§ **Assignment**:
Set down the line containing "From mathcomp Require Import all_boot" and every line that follows it in the listing below, exactly as written and with nothing added.

[Start of section]

(* In the setting and notation described in the context, let $c\in G_n/\!/K_n$ and $d\in G_k/\!/K_k$ with representatives $g\in G_n$, $h\in G_k$. Then $$B[c]*B[d]=\sum_{\lambda\in\mathrm{PB}(J_k,J_n)} B\big[\,\overline{\overline{g\circledast_\lambda h}}\,\big].$$
   Context: Let $I$ be a finite set, $X$ a finite or countable set, $V=X\sqcup(I\times\mathbb{N})$, $V_n=X\sqcup(I\times J_n)$ with $J_n=\{1,\dots,n\}$. $S_\infty$ (finitely supported permutations of $\mathbb{N}$) acts on $V$ by $\sigma(i,m)=(i,\sigma(m))$ on $I\times\mathbb{N}$ and trivially on $X$; $S_n\subset S_\infty$ permutes $J_n$. $G_\infty$ is a subgroup of the group of finitely supported permutations of $V$ containing $S_\infty$; $G_n$ is the set of elements of $G_\infty$ fixing every point outside $V_n$; $K_n=S_n$; $G_n/\!/K_n$ is the set of orbits of $K_n$ on $G_n$ under conjugation, and $\overline{\overline{r}}$ denotes the class of $r$. Local bijections: a local bijection is a pair $((\omega,\Omega))$ where $\Omega=X\cup(I\times F)$ for a finite $F\subset\mathbb{N}$ and $\omega:\Omega\to\Omega$ is a bijection; $\tilde\omega$ denotes its extension to $V$ fixing all points outside $\Omega$. Their product is $((\omega,\Omega))\circ((\mu,M))=((\tilde\omega\tilde\mu|_{\Omega\cup M},\Omega\cup M))$. Consider formal series $\sum a_{((\omega,\Omega))}((\omega,\Omega))$ with complex coefficients, with convolution $\big(\sum a\,((\omega,\Omega))\big)*\big(\sum b\,((\mu,M))\big)=\sum c_{((\nu,N))}((\nu,N))$, $c_{((\nu,N))}=\sum a_{((\omega,\Omega))}b_{((\mu,M))}$ over pairs with $\Omega\cup M=N$ and $\tilde\omega\tilde\mu=\tilde\nu$ (these sums are finite for the products below). For an injective map $\sigma:J_n\to\mathbb{N}$, extend it to the bijection $V_n\to X\cup(I\times\sigma(J_n))$, $(i,m)\mapsto(i,\sigma(m))$, identity on $X$; for $g\in G_n$ write $\sigma((g,V_n))\sigma^{-1}=((\sigma g\sigma^{-1},X\cup(I\times\sigma(J_n))))$. For $c\in G_n/\!/K_n$ with representative $g$ define $B[c]=\sum_{\Omega\subset\mathbb{N},\,\#\Omega=n}\ \sum_{\sigma:J_n\to\Omega\text{ bijective}}\sigma((g,V_n))\sigma^{-1}$ (independent of the representative). A partial bijection $Y\to Z$ is a bijection between a subset $\mathrm{dom}\,\lambda\subseteq Y$ and a subset $\mathrm{im}\,\lambda\subseteq Z$ (empty allowed), $\mathrm{rk}\,\lambda=\#\mathrm{dom}\,\lambda$; $\mathrm{PB}(Y,Z)$ is the set of them; composition: $w\in\mathrm{dom}(\lambda\mu)$ iff $w\in\mathrm{dom}\,\mu$ and $\mu(w)\in\mathrm{dom}\,\lambda$, then $\lambda\mu(w)=\lambda(\mu(w))$. Injective maps and their inverses are viewed as partial bijections. For $g\in G_n$, $h\in G_k$ and $\lambda\in\mathrm{PB}(J_k,J_n)$ of rank $d$, choose injective maps $\sigma_0:J_n\to J_{n+k-d}$, $\tau_0:J_k\to J_{n+k-d}$ with $\sigma_0^{-1}\tau_0=\lambda$ as partial bijections, and let $\overline{\overline{g\circledast_\lambda h}}\in G_{n+k-d}/\!/K_{n+k-d}$ be the class of the permutation $\tilde\nu$ where $((\nu,V_{n+k-d}))=\sigma_0((g,V_n))\sigma_0^{-1}\circ\tau_0((h,V_k))\tau_0^{-1}$; this class does not depend on the choice of $\sigma_0,\tau_0$. *)

From HB Require Import structures.
From mathcomp Require Import all_boot all_order all_algebra.
From mathcomp Require Import finmap.
From Stdlib Require ClassicalEpsilon List.
Set Implicit Arguments. Unset Strict Implicit. Unset Printing Implicit Defensive.
Import GRing.Theory Num.Theory.
Local Open Scope ring_scope.
Local Open Scope fset_scope.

[End of section]

§ **Task answer**:
From mathcomp Require Import all_boot all_order all_algebra.
From mathcomp Require Import finmap.
From Stdlib Require ClassicalEpsilon List.
Set Implicit Arguments. Unset Strict Implicit. Unset Printing Implicit Defensive.
Import GRing.Theory Num.Theory.
Local Open Scope ring_scope.
Local Open Scope fset_scope.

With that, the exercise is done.